= Task to complete =
The entries below need to be transcribed verbatim.
· · · ·
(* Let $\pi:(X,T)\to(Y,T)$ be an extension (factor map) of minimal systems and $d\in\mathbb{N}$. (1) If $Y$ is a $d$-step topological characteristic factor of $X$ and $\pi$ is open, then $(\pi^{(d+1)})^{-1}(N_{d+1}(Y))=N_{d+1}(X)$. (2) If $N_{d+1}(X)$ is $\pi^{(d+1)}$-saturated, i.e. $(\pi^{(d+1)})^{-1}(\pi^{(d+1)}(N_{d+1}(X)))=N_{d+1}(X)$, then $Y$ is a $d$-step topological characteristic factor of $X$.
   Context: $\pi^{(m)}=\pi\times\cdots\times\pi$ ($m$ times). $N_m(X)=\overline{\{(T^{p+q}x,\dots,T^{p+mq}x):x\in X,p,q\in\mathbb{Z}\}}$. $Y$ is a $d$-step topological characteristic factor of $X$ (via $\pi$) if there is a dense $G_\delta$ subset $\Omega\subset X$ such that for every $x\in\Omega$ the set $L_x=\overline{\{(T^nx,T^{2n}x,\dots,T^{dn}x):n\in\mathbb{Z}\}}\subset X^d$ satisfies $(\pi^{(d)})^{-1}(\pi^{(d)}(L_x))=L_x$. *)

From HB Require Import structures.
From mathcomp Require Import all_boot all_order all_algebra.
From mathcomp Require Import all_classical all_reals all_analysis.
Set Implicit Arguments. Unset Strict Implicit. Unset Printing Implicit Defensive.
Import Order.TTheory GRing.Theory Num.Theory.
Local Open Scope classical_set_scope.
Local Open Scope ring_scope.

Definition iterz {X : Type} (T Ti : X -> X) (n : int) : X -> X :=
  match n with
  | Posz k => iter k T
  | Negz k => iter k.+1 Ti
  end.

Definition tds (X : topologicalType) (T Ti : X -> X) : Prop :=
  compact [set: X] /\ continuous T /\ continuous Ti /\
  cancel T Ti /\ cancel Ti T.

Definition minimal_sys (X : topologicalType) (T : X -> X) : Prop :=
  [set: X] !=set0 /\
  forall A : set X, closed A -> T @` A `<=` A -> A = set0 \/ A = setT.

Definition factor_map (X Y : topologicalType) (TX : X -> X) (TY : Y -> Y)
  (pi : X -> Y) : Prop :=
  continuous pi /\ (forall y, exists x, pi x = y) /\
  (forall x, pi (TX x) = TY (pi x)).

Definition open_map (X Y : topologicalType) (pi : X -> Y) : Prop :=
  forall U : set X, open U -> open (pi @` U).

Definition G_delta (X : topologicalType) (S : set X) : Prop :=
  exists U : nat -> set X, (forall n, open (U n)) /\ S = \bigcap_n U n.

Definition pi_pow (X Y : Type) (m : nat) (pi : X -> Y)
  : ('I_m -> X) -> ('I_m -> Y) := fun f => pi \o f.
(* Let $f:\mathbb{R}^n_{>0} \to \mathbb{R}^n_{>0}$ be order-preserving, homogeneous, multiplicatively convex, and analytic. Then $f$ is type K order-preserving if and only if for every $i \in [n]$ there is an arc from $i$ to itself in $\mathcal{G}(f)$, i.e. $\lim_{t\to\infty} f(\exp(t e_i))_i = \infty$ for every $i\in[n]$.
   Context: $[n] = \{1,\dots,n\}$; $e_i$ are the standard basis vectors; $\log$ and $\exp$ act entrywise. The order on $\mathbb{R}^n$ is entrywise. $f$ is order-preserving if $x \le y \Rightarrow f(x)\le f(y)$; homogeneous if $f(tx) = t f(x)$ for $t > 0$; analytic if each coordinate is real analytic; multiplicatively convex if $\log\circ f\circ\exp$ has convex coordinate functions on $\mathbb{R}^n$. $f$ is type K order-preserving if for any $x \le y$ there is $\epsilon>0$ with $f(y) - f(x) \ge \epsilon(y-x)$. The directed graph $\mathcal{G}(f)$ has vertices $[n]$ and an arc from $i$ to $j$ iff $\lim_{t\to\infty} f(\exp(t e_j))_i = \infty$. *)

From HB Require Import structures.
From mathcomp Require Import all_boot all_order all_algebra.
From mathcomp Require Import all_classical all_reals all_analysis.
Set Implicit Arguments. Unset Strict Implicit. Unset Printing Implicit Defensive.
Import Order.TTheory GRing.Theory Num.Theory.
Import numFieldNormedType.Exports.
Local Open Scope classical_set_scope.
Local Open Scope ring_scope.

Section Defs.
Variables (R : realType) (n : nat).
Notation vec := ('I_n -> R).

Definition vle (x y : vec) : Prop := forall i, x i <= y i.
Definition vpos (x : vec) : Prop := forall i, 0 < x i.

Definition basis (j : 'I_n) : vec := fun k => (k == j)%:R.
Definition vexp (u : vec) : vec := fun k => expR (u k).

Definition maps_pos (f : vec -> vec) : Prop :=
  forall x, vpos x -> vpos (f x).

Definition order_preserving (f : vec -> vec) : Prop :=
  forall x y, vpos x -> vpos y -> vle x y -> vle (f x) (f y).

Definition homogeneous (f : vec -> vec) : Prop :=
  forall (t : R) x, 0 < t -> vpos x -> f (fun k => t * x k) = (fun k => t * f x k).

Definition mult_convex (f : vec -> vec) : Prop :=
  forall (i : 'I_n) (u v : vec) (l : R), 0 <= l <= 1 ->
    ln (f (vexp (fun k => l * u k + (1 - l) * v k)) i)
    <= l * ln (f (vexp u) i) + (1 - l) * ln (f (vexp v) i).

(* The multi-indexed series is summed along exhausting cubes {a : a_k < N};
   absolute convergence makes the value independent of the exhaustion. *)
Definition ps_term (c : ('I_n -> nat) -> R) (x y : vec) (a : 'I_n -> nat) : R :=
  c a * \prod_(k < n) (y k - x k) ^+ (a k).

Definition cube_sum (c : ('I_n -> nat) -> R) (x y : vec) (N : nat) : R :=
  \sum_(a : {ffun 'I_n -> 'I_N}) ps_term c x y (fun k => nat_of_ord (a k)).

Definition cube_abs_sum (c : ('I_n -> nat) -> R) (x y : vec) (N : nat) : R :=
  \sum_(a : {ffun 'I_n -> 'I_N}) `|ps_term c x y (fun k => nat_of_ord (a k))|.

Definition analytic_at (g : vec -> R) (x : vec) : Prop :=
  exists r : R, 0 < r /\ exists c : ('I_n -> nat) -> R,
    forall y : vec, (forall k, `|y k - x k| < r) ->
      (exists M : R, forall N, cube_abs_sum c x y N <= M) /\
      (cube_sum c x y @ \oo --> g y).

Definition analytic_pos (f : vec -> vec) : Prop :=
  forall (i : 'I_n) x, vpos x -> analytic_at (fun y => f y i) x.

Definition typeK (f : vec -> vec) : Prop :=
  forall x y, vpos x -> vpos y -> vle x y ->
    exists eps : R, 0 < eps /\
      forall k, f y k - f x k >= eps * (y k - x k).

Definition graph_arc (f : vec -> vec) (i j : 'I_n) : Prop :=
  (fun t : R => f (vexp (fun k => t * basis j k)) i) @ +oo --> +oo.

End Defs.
· · · ·
= Exercise output =
(* Let $\pi:(X,T)\to(Y,T)$ be an extension (factor map) of minimal systems and $d\in\mathbb{N}$. (1) If $Y$ is a $d$-step topological characteristic factor of $X$ and $\pi$ is open, then $(\pi^{(d+1)})^{-1}(N_{d+1}(Y))=N_{d+1}(X)$. (2) If $N_{d+1}(X)$ is $\pi^{(d+1)}$-saturated, i.e. $(\pi^{(d+1)})^{-1}(\pi^{(d+1)}(N_{d+1}(X)))=N_{d+1}(X)$, then $Y$ is a $d$-step topological characteristic factor of $X$.
   Context: $\pi^{(m)}=\pi\times\cdots\times\pi$ ($m$ times). $N_m(X)=\overline{\{(T^{p+q}x,\dots,T^{p+mq}x):x\in X,p,q\in\mathbb{Z}\}}$. $Y$ is a $d$-step topological characteristic factor of $X$ (via $\pi$) if there is a dense $G_\delta$ subset $\Omega\subset X$ such that for every $x\in\Omega$ the set $L_x=\overline{\{(T^nx,T^{2n}x,\dots,T^{dn}x):n\in\mathbb{Z}\}}\subset X^d$ satisfies $(\pi^{(d)})^{-1}(\pi^{(d)}(L_x))=L_x$. *)

From HB Require Import structures.
From mathcomp Require Import all_boot all_order all_algebra.
From mathcomp Require Import all_classical all_reals all_analysis.
Set Implicit Arguments. Unset Strict Implicit. Unset Printing Implicit Defensive.
Import Order.TTheory GRing.Theory Num.Theory.
Local Open Scope classical_set_scope.
Local Open Scope ring_scope.

Definition iterz {X : Type} (T Ti : X -> X) (n : int) : X -> X :=
  match n with
  | Posz k => iter k T
  | Negz k => iter k.+1 Ti
  end.

Definition tds (X : topologicalType) (T Ti : X -> X) : Prop :=
  compact [set: X] /\ continuous T /\ continuous Ti /\
  cancel T Ti /\ cancel Ti T.

Definition minimal_sys (X : topologicalType) (T : X -> X) : Prop :=
  [set: X] !=set0 /\
  forall A : set X, closed A -> T @` A `<=` A -> A = set0 \/ A = setT.

Definition factor_map (X Y : topologicalType) (TX : X -> X) (TY : Y -> Y)
  (pi : X -> Y) : Prop :=
  continuous pi /\ (forall y, exists x, pi x = y) /\
  (forall x, pi (TX x) = TY (pi x)).

Definition open_map (X Y : topologicalType) (pi : X -> Y) : Prop :=
  forall U : set X, open U -> open (pi @` U).

Definition G_delta (X : topologicalType) (S : set X) : Prop :=
  exists U : nat -> set X, (forall n, open (U n)) /\ S = \bigcap_n U n.

Definition pi_pow (X Y : Type) (m : nat) (pi : X -> Y)
  : ('I_m -> X) -> ('I_m -> Y) := fun f => pi \o f.
(* Let $f:\mathbb{R}^n_{>0} \to \mathbb{R}^n_{>0}$ be order-preserving, homogeneous, multiplicatively convex, and analytic. Then $f$ is type K order-preserving if and only if for every $i \in [n]$ there is an arc from $i$ to itself in $\mathcal{G}(f)$, i.e. $\lim_{t\to\infty} f(\exp(t e_i))_i = \infty$ for every $i\in[n]$.
   Context: $[n] = \{1,\dots,n\}$; $e_i$ are the standard basis vectors; $\log$ and $\exp$ act entrywise. The order on $\mathbb{R}^n$ is entrywise. $f$ is order-preserving if $x \le y \Rightarrow f(x)\le f(y)$; homogeneous if $f(tx) = t f(x)$ for $t > 0$; analytic if each coordinate is real analytic; multiplicatively convex if $\log\circ f\circ\exp$ has convex coordinate functions on $\mathbb{R}^n$. $f$ is type K order-preserving if for any $x \le y$ there is $\epsilon>0$ with $f(y) - f(x) \ge \epsilon(y-x)$. The directed graph $\mathcal{G}(f)$ has vertices $[n]$ and an arc from $i$ to $j$ iff $\lim_{t\to\infty} f(\exp(t e_j))_i = \infty$. *)

From HB Require Import structures.
From mathcomp Require Import all_boot all_order all_algebra.
From mathcomp Require Import all_classical all_reals all_analysis.
Set Implicit Arguments. Unset Strict Implicit. Unset Printing Implicit Defensive.
Import Order.TTheory GRing.Theory Num.Theory.
Import numFieldNormedType.Exports.
Local Open Scope classical_set_scope.
Local Open Scope ring_scope.

Section Defs.
Variables (R : realType) (n : nat).
Notation vec := ('I_n -> R).

Definition vle (x y : vec) : Prop := forall i, x i <= y i.
Definition vpos (x : vec) : Prop := forall i, 0 < x i.

Definition basis (j : 'I_n) : vec := fun k => (k == j)%:R.
Definition vexp (u : vec) : vec := fun k => expR (u k).

Definition maps_pos (f : vec -> vec) : Prop :=
  forall x, vpos x -> vpos (f x).

Definition order_preserving (f : vec -> vec) : Prop :=
  forall x y, vpos x -> vpos y -> vle x y -> vle (f x) (f y).

Definition homogeneous (f : vec -> vec) : Prop :=
  forall (t : R) x, 0 < t -> vpos x -> f (fun k => t * x k) = (fun k => t * f x k).

Definition mult_convex (f : vec -> vec) : Prop :=
  forall (i : 'I_n) (u v : vec) (l : R), 0 <= l <= 1 ->
    ln (f (vexp (fun k => l * u k + (1 - l) * v k)) i)
    <= l * ln (f (vexp u) i) + (1 - l) * ln (f (vexp v) i).

(* The multi-indexed series is summed along exhausting cubes {a : a_k < N};
   absolute convergence makes the value independent of the exhaustion. *)
Definition ps_term (c : ('I_n -> nat) -> R) (x y : vec) (a : 'I_n -> nat) : R :=
  c a * \prod_(k < n) (y k - x k) ^+ (a k).

Definition cube_sum (c : ('I_n -> nat) -> R) (x y : vec) (N : nat) : R :=
  \sum_(a : {ffun 'I_n -> 'I_N}) ps_term c x y (fun k => nat_of_ord (a k)).

Definition cube_abs_sum (c : ('I_n -> nat) -> R) (x y : vec) (N : nat) : R :=
  \sum_(a : {ffun 'I_n -> 'I_N}) `|ps_term c x y (fun k => nat_of_ord (a k))|.

Definition analytic_at (g : vec -> R) (x : vec) : Prop :=
  exists r : R, 0 < r /\ exists c : ('I_n -> nat) -> R,
    forall y : vec, (forall k, `|y k - x k| < r) ->
      (exists M : R, forall N, cube_abs_sum c x y N <= M) /\
      (cube_sum c x y @ \oo --> g y).

Definition analytic_pos (f : vec -> vec) : Prop :=
  forall (i : 'I_n) x, vpos x -> analytic_at (fun y => f y i) x.

Definition typeK (f : vec -> vec) : Prop :=
  forall x y, vpos x -> vpos y -> vle x y ->
    exists eps : R, 0 < eps /\
      forall k, f y k - f x k >= eps * (y k - x k).

Definition graph_arc (f : vec -> vec) (i j : 'I_n) : Prop :=
  (fun t : R => f (vexp (fun k => t * basis j k)) i) @ +oo --> +oo.

End Defs.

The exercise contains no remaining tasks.